Para Deneault no hay ámbito libre de mediocridad: académico, político, jurídico,


económico, mediático o cultural. Cualquiera de ellos tiene a un mediocre por auriga. Al
igual que aquello propuesto por Platón del gobierno de los mejores, la aristocracia, pero al
revés. En lo público, como en lo privado. Para el canadiense, lo que procede y triunfa en
estos tiempos son los argumentos que confirmen las teorías ya existentes, y evitar críticas
o plantear soluciones arriesgadas, mucho menos originales. Porque ya no importa «la
relevancia espiritual de las propuestas». Tampoco en lo económico, al fin y al cabo,
recuerda el autor que el dinero nos pervierte, y «concentra la actividad de la mente en un
medio que le hace perder toda conciencia sensorial de la diversidad del mundo».

Ni siquiera lo cultural escapa de la epidemia mediocre. ¿Cuántas veces hemos escuchado o


pronunciado la frase «es más de lo mismo»? Deneault recoge la reflexión de Herbert
Marcuse a propósito de la perversión de un sistema en el que patrón y obrero
disfrutan con los mismos contenidos. Algo falla. No tanto que se diluyan o eliminen las
clases sociales como que ambos legitiman los principios que sustentan el sistema.

Se trata de no destacar si queremos llegar a ser alguien. Con mucha retranca, el escritor
Somerset Maugham decía que «solo una persona mediocre está siempre en su mejor
momento». No actúa y, por tanto, no se equivoca. No contradice y, por tanto, no se
enfrenta a nada ni a nadie. No enjuicia y, por tanto, obedece.

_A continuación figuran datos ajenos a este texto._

Definition potential (R : realType) (n m : nat)
    (G : 'rV[R]_n * 'rV[R]_m -> 'rV[R]_n * 'rV[R]_m) (z0 : 'rV[R]_n * 'rV[R]_m) (A B : R)
    (z : 'rV[R]_n * 'rV[R]_m) : R :=
  A * normz (G z) ^+ 2 + B * dotz (G z) (z - z0).

Lemma VkE (R : realType) (n m : nat) (Rs : R) (beta : nat -> R) (a0 : R)
    (L : 'rV[R]_n * 'rV[R]_m -> R) (z0 : 'rV[R]_n * 'rV[R]_m) (k : nat) :
  Vk Rs beta a0 L z0 k = potential (Gop L) z0 (A_seq Rs beta a0 k) (B_seq beta k)
                           (eag (Gop L) (alpha_seq Rs beta a0) beta z0 k).
Proof. by []. Qed.

Section PotentialStep.
Variables (R : realType) (n m : nat) (G : 'rV[R]_n * 'rV[R]_m -> 'rV[R]_n * 'rV[R]_m) (Rs : R).
Local Notation Z := ('rV[R]_n * 'rV[R]_m)%type.
Hypotheses (G_mono : forall p q : Z, 0 <= dotz (G p - G q) (p - q))
  (G_lip : forall p q : Z, normz (G p - G q) <= Rs * normz (p - q)).

Lemma eag_potential_step (a b B : R) (z0 z : Z) :
  0 < a -> 0 < a * Rs < 1 -> 0 < b < 1 -> 0 < B ->
  potential G z0
    (a * (1 - a ^+ 2 * Rs ^+ 2 - b ^+ 2) / (2 * b * (1 - b) ^+ 2 * (1 - a ^+ 2 * Rs ^+ 2)) * B)
    (B / (1 - b)) (eag_next G z0 z b a)
  <= potential G z0 (a / (2 * b) * B) B z.
Proof.
move=> a_gt0 /andP[aRs_gt0 aRs_lt1] b01 B_gt0; rewrite /potential /eag_next.
set r := a ^+ 2 * Rs ^+ 2; set zh := anchored_step z0 z (G z) b a.
set z1 := anchored_step z0 z (G zh) b a.
have r01 : 0 < r < 1 by rewrite /r -exprMn; apply/andP; split; nra.
have mono := G_mono z1 z; rewrite anchored_stepB_base in mono.
have lip : dotz (G z1 - G zh) (G z1 - G zh) <= r * dotz (G z - G zh) (G z - G zh).
  have := G_lip z1 zh; rewrite anchored_stepB => Glip.
  have := ler_pM (normz_ge0 _) (normz_ge0 _) Glip Glip.
  by rewrite -!expr2 exprMn !sqr_normz dotzZl dotzZr mulrA -expr2 mulrA [Rs ^+ 2 * _]mulrC.
rewrite !sqr_normz anchored_stepB_anchor.
move: mono lip; move: (z - z0) (G z) (G zh) (G z1) => w g h u mono lip.
rewrite dotzDr dotzNr !dotzZr.
apply: (eag_scalar_decrease (gh := dotz g h) (hh := dotz h h) r01 a_gt0 b01 B_gt0).
- by move: mono; rewrite !(dotzDl, dotzDr, dotzNl, dotzNr, dotzZl, dotzZr); lra.
- by move: lip; rewrite !(dotzDl, dotzDr, dotzNl, dotzNr) (dotzC h g) (dotzC h u); lra.
- move=> lam; have := dotzz_ge0 (h + lam *: u).
  by rewrite !(dotzDl, dotzDr, dotzZl, dotzZr) (dotzC h u); lra.
Qed.

End PotentialStep.

Theorem lemma2 (R : realType) (n m : nat) (Rs : R) (beta : nat -> R) (a0 : R)
  (L : 'rV[R]_n * 'rV[R]_m -> R) (z0 : 'rV[R]_n * 'rV[R]_m) :
  0 < Rs ->
  (forall k, 0 < beta k < 1) ->
  0 < a0 < 1 / Rs ->
  (forall k, 0 < alpha_seq Rs beta a0 k < 1 / Rs) ->
  smooth_cc Rs L ->
  convex_concave L ->
  forall k : nat, Vk Rs beta a0 L z0 k.+1 <= Vk Rs beta a0 L z0 k.
Proof.
move=> Rs_gt0 beta01 _ alpha_bound [L_diff G_lip] L_cc k.
have /andP[a_gt0 a_lt] := alpha_bound k.
have aRs01 : 0 < alpha_seq Rs beta a0 k * Rs < 1.
  by rewrite mulr_gt0 //= -ltr_pdivlMr // mul1r -[Rs^-1]mul1r.
rewrite !VkE eagS A_seqS; last by have /andP[/gt_eqF -> _] := beta01 k.+1.
rewrite [A_seq _ _ _ k]/A_seq.
apply: eag_potential_step => //; [exact: Gop_monotone | exact: B_seq_gt0].
Qed.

En 1961, Kurt Vonnegut, autor norteamericano de ciencia ficción, firmó el relato Harrison
Bergeron, un texto distópico y satírico que comienza diciendo: «En el año 2081, todos los
hombres eran al fin iguales. No solo iguales ante Dios y ante la ley, sino iguales en todos los
sentidos. Nadie era más listo que ningún otro; nadie era más hermoso que ningún otro;
nadie era más fuerte o más rápido que ningún otro. Toda esta igualdad era debida a las
enmiendas 211, 212 y 213 de la Constitución, y a la incesante vigilancia de los agentes de la
Directora General de Impedidos de los Estados Unidos». Para evitar que ningún ciudadano
destacase, las autoridades ejercían la violencia sobre ellos. «George, como su inteligencia
estaba por encima de lo normal, llevaba en la oreja un pequeño impedimento mental
radiotelefónico, y no podía sacárselo nunca, de acuerdo con la ley. El receptor sintonizaba
la onda de un transmisor del gobierno que cada veinte segundos, aproximadamente,
enviaba algún ruido agudo para que las gentes como George no aprovechasen injustamente
su propia inteligencia a expensas de los otros».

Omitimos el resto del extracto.